Revenons en 1952, et aux happenings de John Cage. Pourquoi était-ce si important, à l’époque, de construire de tels événements reposant sur le hasard, ces chaos organisés, où l’un se met à lire un poème, l’autre tient un chien en laisse, et un troisième pose des tasses sur des chaises ou marche à cloche-pied dans la salle ? L’important, pour les participants de tels happenings, c’est d’être des acteurs de l’événement dont ils sont également les spectateurs. Ils font l’expérience d’un monde où ils sont en charge de ce qu’ils voient. Eux-mêmes actualisent ensemble et en direct leurs actions. Or c’est justement là le modèle de la communauté démocratique dont le concept a émergé au début de la Deuxième guerre mondiale en contraste du fascisme. Nous sommes à la fois des individus fondamentalement autonomes et des individus capables d’agir ensemble. Nous sommes plus que jamais nous-mêmes, mais nous sommes à même de nous unir au sein d’une seule et même nation. Dans les années trente et quarante, Cage se situe au cœur de ce double mouvement, il est donc très en avance. Quand il invente le happening et qu’il conçoit 4’33’’, il n’a pas fondamentalement changé, mais il s’est éloigné de la politique. Selon ses propres termes de l’époque, dans les années cinquante, il ne fait plus que de l’art, il ne cherche plus à faire de la politique.

C’est clair qu’en France, nous n’avons pas cette vision du John Cage impliqué pour la démocratie des années >>

trente et quarante. Nous connaissons ce John Cage, visionnaire de la musique contemporaine et électronique, qui compose et joue Imaginary Landscape N°1 (1939), et exprime le plaisir qu’il aurait à un concert avec juste quatre platines disques.
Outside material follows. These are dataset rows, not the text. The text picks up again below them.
Lemma value_vec_convex_comb x w t : 0 <= t <= 1 ->
  exists u, forall i, value_vec A a x0 alpha b beta u 0 i <=
    t * value_vec A a x0 alpha b beta x 0 i + (1 - t) * value_vec A a x0 alpha b beta w 0 i.
Proof.
move=> t01; pose u0 := t *: x + (1 - t) *: w.
pose c := a + (2 * lam) *: x0.
have u0_x0 : u0 - x0 = t *: (x - x0) + (1 - t) *: (w - x0).
  by apply/matrixP => i j; rewrite !mxE; ring.
have [s s0 hs] : exists2 s, 0 <= s &
    sqnorm (u0 - x0 + s *: v) = t * sqnorm (x - x0) + (1 - t) * sqnorm (w - x0).
  apply: sqnorm_shift_reach => //.
  rewrite u0_x0 -!qform1; apply: psdmx_qform_convex => // y.
  by rewrite qform1 sqnorm_ge0.
rewrite -addrAC in hs; exists (u0 + s *: v).
have ker : (A - lam%:M) *m v = 0 by rewrite mulmxBl mul_scalar_mx Av subrr.
have sym : (A - lam%:M)^T = A - lam%:M by rewrite linearB /= tr_scalar_mx sA.
have lin_u0 y : vdot y u0 = t * vdot y x + (1 - t) * vdot y w.
  by rewrite vdotDr !vdotZr.
have g_convex : qform (A - lam%:M) (u0 + s *: v) + vdot c (u0 + s *: v) <=
    t * (qform (A - lam%:M) x + vdot c x) + (1 - t) * (qform (A - lam%:M) w + vdot c w).
  rewrite qform_add_ker //; last by rewrite -scalemxAr ker scaler0.
  rewrite vdotDr vdotZr lin_u0.
  have := psdmx_qform_convex x w psdA t01.
  have : s * vdot c v <= 0 by rewrite mulr_ge0_le0.
  lra.
move=> i; rewrite !mxE; case: (split i) => [j|j]; first case: ifP => _.
- rewrite !qobj_shifted hs -/c; lra.
- by rewrite !ballconE hs; lra.
- by rewrite !linconE vdotDr vdotZr bv mulr0 addr0 lin_u0; lra.
Qed.

Lemma Uset_convex : convex_set (Uset A a x0 alpha b beta).
Proof.
move=> y z [x hx] [w hw] t t0 t1.
have [u hu] := value_vec_convex_comb x w (introT andP (conj t0 t1)).
exists u => i; apply: le_trans (hu i) _; rewrite ![in leRHS]mxE.
by apply: lerD; apply: ler_wpM2l; rewrite ?subr_ge0 ?hx ?hw.
Qed.

End ValueSet.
Mais nous ne savons rien de ce «patriote» américain qu’était, semble-t-il également, John Cage, du moins dans les années trente et quarante ! J’aimerais ajouter une pièce à nos réflexions : nous voyons John Cage comme un individu visionnaire, mais nous avons tendance à oublier les communautés avec lesquelles il a mûri ses partis-pris. Entre 1936 et 1938, il a travaillé dans une école de danse à Seattle, puis, en 1938, il a donné des cours d’été au Mills College, où il enseignait le son, tandis que László Moholy-Nagy y enseignait l’image. C’est là qu’il a rencontré les réfugiés du Bauhaus. Puis en 1941, à la suggestion de Moholy-Nagy, il est resté un an à la Chicago School of design, aux côtés des acteurs du New Bauhaus. Il a beaucoup appris de ces rencontres. Je pense que sa vision multipolaire du son, en particulier, doit beaucoup à la vision qu’avaient de l’image le New Bauhaus et en particulier Herbert Bayer. A ce moment de sa vie, John Cage est à la fois un critique esthétique d’avant-garde et un théoricien politique à l’avant-garde de la démocratie.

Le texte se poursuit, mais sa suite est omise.